TASK ITEM: Print exactly the lines below between the line holding "by rewrite -scalemxAr" and the line holding "Proof. by move=> hs;", inclusive, and nothing more.

MATERIALS PROVIDED:
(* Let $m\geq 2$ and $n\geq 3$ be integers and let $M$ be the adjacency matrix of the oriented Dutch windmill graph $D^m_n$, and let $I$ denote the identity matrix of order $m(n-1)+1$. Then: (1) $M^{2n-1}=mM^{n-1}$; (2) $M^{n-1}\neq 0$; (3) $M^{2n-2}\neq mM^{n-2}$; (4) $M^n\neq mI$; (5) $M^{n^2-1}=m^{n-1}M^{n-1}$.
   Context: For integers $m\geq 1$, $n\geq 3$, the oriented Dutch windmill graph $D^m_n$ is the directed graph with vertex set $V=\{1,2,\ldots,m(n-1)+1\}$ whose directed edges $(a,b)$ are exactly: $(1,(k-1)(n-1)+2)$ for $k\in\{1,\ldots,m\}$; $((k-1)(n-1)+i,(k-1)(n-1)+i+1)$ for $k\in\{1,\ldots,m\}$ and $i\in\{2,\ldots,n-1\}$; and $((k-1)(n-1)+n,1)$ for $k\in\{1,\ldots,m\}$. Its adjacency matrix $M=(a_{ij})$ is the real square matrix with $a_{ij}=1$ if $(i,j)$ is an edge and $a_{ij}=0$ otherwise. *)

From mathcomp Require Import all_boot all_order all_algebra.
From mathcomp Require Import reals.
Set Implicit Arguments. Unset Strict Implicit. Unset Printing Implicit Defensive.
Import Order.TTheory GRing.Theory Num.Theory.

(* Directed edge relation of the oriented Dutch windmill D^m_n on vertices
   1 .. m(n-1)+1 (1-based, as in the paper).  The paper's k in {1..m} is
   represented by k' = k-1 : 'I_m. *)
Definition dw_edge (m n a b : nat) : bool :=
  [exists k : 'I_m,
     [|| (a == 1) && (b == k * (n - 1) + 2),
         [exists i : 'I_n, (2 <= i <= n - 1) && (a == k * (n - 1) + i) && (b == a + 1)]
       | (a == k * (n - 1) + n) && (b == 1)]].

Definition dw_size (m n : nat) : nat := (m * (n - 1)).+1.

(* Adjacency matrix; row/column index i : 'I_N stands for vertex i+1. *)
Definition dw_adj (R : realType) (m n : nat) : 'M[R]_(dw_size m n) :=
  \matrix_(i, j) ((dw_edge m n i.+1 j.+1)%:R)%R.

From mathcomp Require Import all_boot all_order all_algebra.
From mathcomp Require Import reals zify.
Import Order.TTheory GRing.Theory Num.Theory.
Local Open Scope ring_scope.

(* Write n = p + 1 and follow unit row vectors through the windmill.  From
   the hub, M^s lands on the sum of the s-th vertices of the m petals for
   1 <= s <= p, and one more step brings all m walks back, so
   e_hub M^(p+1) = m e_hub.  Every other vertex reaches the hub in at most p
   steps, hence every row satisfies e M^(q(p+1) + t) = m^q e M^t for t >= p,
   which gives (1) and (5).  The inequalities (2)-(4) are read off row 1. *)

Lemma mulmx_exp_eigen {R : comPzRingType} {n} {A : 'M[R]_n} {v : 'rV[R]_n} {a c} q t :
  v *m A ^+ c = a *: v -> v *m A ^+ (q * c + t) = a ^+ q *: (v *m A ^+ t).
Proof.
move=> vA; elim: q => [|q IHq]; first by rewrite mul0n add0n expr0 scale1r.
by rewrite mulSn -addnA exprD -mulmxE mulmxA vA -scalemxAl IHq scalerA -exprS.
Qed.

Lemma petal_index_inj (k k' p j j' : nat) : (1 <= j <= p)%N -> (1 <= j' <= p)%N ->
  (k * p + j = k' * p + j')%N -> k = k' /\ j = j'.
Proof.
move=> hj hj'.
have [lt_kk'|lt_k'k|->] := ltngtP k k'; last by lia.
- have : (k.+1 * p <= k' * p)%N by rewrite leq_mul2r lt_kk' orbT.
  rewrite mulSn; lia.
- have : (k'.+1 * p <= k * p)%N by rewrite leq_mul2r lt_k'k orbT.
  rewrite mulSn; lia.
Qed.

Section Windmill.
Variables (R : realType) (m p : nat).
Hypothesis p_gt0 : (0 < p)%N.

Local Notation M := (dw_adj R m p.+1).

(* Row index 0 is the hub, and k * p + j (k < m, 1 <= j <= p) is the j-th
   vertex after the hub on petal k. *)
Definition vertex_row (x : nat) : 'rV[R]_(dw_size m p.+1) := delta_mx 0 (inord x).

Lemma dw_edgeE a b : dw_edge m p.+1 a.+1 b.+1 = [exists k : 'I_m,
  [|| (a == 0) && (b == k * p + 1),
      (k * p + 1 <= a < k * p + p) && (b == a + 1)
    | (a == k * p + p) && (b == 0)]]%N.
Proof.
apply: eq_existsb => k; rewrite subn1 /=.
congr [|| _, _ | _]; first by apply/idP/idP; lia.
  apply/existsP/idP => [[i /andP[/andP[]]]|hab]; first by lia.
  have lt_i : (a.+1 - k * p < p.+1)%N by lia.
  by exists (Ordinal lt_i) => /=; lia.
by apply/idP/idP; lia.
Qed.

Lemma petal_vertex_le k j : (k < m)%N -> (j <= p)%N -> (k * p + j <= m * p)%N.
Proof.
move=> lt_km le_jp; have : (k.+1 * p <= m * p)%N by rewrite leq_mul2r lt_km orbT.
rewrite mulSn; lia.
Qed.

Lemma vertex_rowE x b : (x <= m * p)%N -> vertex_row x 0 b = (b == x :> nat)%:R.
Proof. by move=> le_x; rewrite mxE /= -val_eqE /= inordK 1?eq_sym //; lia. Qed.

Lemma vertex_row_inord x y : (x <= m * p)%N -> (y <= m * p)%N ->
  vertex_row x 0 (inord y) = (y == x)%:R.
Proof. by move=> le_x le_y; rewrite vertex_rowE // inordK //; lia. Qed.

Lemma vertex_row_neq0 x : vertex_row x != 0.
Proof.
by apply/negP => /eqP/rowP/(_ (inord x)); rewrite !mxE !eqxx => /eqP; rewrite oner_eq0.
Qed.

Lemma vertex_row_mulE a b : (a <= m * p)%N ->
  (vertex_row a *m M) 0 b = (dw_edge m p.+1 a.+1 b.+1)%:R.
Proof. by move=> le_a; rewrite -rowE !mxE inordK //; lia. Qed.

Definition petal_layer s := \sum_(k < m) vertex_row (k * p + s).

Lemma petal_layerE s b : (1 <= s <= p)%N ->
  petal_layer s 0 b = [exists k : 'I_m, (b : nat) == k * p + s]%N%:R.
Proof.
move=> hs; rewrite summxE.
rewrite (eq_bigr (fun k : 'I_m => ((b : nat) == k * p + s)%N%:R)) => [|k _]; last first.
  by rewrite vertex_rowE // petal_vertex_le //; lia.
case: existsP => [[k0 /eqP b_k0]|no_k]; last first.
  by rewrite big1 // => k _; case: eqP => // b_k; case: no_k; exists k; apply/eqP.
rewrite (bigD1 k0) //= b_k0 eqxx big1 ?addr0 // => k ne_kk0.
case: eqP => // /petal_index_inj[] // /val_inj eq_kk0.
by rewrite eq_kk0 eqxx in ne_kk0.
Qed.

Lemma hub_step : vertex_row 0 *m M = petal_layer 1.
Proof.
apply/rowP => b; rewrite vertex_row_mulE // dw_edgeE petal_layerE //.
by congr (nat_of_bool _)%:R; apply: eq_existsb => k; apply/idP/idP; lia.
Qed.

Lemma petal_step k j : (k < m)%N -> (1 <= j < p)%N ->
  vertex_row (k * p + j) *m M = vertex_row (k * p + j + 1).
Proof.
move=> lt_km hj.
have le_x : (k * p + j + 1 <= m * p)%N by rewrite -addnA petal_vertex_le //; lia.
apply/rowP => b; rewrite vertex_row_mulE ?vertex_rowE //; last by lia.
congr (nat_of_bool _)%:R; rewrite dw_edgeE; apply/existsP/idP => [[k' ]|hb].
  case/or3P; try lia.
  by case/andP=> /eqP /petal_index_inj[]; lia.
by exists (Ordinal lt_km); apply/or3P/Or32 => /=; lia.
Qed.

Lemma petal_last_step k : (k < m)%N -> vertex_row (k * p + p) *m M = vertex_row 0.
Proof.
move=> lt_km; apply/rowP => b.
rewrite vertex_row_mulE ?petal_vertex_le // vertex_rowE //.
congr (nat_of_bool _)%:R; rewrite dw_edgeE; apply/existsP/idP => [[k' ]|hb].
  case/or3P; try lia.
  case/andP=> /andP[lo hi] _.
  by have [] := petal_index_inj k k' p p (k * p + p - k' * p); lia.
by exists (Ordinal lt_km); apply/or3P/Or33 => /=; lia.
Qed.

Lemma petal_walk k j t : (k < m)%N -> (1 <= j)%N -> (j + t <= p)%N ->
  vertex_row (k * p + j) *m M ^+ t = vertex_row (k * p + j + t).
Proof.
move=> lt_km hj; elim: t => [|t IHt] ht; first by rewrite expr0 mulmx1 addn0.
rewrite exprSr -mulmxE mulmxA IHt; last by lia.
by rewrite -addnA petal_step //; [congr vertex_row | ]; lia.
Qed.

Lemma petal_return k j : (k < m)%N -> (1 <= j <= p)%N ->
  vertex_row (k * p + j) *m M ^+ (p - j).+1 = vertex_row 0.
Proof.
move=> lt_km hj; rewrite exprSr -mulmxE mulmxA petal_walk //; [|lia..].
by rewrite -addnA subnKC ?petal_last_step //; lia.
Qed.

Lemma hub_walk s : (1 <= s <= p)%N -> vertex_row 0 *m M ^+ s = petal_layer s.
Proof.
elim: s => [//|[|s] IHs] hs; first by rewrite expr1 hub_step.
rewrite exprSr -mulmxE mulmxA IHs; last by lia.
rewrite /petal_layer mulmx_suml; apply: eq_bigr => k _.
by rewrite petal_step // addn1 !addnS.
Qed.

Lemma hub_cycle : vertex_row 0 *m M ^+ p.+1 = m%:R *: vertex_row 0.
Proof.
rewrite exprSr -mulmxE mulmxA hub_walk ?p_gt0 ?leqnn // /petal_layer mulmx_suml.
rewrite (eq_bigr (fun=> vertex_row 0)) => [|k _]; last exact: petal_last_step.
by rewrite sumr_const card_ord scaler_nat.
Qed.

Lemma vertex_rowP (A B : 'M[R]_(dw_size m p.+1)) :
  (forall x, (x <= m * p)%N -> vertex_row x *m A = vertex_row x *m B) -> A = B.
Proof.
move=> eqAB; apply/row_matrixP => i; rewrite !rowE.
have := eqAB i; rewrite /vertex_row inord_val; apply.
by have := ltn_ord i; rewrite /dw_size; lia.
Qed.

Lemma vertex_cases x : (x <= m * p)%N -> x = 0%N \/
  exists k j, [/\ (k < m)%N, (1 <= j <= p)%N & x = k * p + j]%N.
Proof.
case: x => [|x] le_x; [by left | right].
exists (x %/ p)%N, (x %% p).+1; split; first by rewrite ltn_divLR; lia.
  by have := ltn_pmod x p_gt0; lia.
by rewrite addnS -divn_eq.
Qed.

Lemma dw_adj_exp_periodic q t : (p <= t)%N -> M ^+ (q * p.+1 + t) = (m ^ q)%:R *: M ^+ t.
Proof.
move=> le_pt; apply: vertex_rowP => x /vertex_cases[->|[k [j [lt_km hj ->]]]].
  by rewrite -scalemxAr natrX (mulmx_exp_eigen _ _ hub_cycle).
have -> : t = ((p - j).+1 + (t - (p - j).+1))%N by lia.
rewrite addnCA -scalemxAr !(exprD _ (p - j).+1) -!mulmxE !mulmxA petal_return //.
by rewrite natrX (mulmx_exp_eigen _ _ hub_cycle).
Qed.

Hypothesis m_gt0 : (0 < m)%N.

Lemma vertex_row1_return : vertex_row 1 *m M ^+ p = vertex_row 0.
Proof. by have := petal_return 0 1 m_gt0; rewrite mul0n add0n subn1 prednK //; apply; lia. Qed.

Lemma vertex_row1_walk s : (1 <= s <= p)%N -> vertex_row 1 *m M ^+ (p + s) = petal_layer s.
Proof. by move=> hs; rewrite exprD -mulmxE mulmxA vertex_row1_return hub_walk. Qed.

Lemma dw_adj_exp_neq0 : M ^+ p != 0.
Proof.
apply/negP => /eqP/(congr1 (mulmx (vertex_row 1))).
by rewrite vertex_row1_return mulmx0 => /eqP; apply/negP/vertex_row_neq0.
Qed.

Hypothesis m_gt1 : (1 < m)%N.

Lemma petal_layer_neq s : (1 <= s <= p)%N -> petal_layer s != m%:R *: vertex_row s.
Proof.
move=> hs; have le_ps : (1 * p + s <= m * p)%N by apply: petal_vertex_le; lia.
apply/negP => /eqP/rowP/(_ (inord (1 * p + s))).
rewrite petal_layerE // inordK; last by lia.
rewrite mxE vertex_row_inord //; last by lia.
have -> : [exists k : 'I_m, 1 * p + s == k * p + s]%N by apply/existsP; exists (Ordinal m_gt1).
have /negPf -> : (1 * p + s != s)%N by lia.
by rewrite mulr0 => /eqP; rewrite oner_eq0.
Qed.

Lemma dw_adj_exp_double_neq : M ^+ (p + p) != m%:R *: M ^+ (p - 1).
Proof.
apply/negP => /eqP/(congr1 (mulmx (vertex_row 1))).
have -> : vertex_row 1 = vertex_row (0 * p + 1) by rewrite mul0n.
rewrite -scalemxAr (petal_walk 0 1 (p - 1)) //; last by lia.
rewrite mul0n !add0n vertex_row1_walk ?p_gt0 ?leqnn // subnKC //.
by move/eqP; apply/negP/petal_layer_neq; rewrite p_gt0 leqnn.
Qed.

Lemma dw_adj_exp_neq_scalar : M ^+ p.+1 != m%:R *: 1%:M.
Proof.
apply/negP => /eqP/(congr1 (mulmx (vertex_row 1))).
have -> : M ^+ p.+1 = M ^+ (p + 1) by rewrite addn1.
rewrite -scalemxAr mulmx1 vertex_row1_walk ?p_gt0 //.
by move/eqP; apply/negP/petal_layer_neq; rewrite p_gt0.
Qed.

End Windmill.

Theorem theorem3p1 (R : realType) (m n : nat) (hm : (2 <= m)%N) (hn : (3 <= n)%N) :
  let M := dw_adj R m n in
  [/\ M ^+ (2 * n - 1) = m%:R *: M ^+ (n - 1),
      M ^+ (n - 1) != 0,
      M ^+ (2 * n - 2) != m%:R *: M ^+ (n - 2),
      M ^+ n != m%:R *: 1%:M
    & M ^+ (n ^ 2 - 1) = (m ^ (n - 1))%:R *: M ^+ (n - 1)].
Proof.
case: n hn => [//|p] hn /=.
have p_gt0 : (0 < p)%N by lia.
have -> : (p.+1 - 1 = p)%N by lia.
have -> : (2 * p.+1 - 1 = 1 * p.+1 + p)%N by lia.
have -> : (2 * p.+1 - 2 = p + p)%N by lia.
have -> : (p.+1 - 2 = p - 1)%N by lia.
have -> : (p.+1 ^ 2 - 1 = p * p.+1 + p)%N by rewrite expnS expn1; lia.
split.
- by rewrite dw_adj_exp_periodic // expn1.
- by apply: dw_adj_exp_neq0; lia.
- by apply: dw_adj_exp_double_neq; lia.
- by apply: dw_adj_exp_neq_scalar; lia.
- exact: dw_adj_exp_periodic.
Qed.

SOLVED EXERCISE:
  by rewrite -scalemxAr natrX (mulmx_exp_eigen _ _ hub_cycle).
have -> : t = ((p - j).+1 + (t - (p - j).+1))%N by lia.
rewrite addnCA -scalemxAr !(exprD _ (p - j).+1) -!mulmxE !mulmxA petal_return //.
by rewrite natrX (mulmx_exp_eigen _ _ hub_cycle).
Qed.

Hypothesis m_gt0 : (0 < m)%N.

Lemma vertex_row1_return : vertex_row 1 *m M ^+ p = vertex_row 0.
Proof. by have := petal_return 0 1 m_gt0; rewrite mul0n add0n subn1 prednK //; apply; lia. Qed.

Lemma vertex_row1_walk s : (1 <= s <= p)%N -> vertex_row 1 *m M ^+ (p + s) = petal_layer s.
Proof. by move=> hs; rewrite exprD -mulmxE mulmxA vertex_row1_return hub_walk. Qed.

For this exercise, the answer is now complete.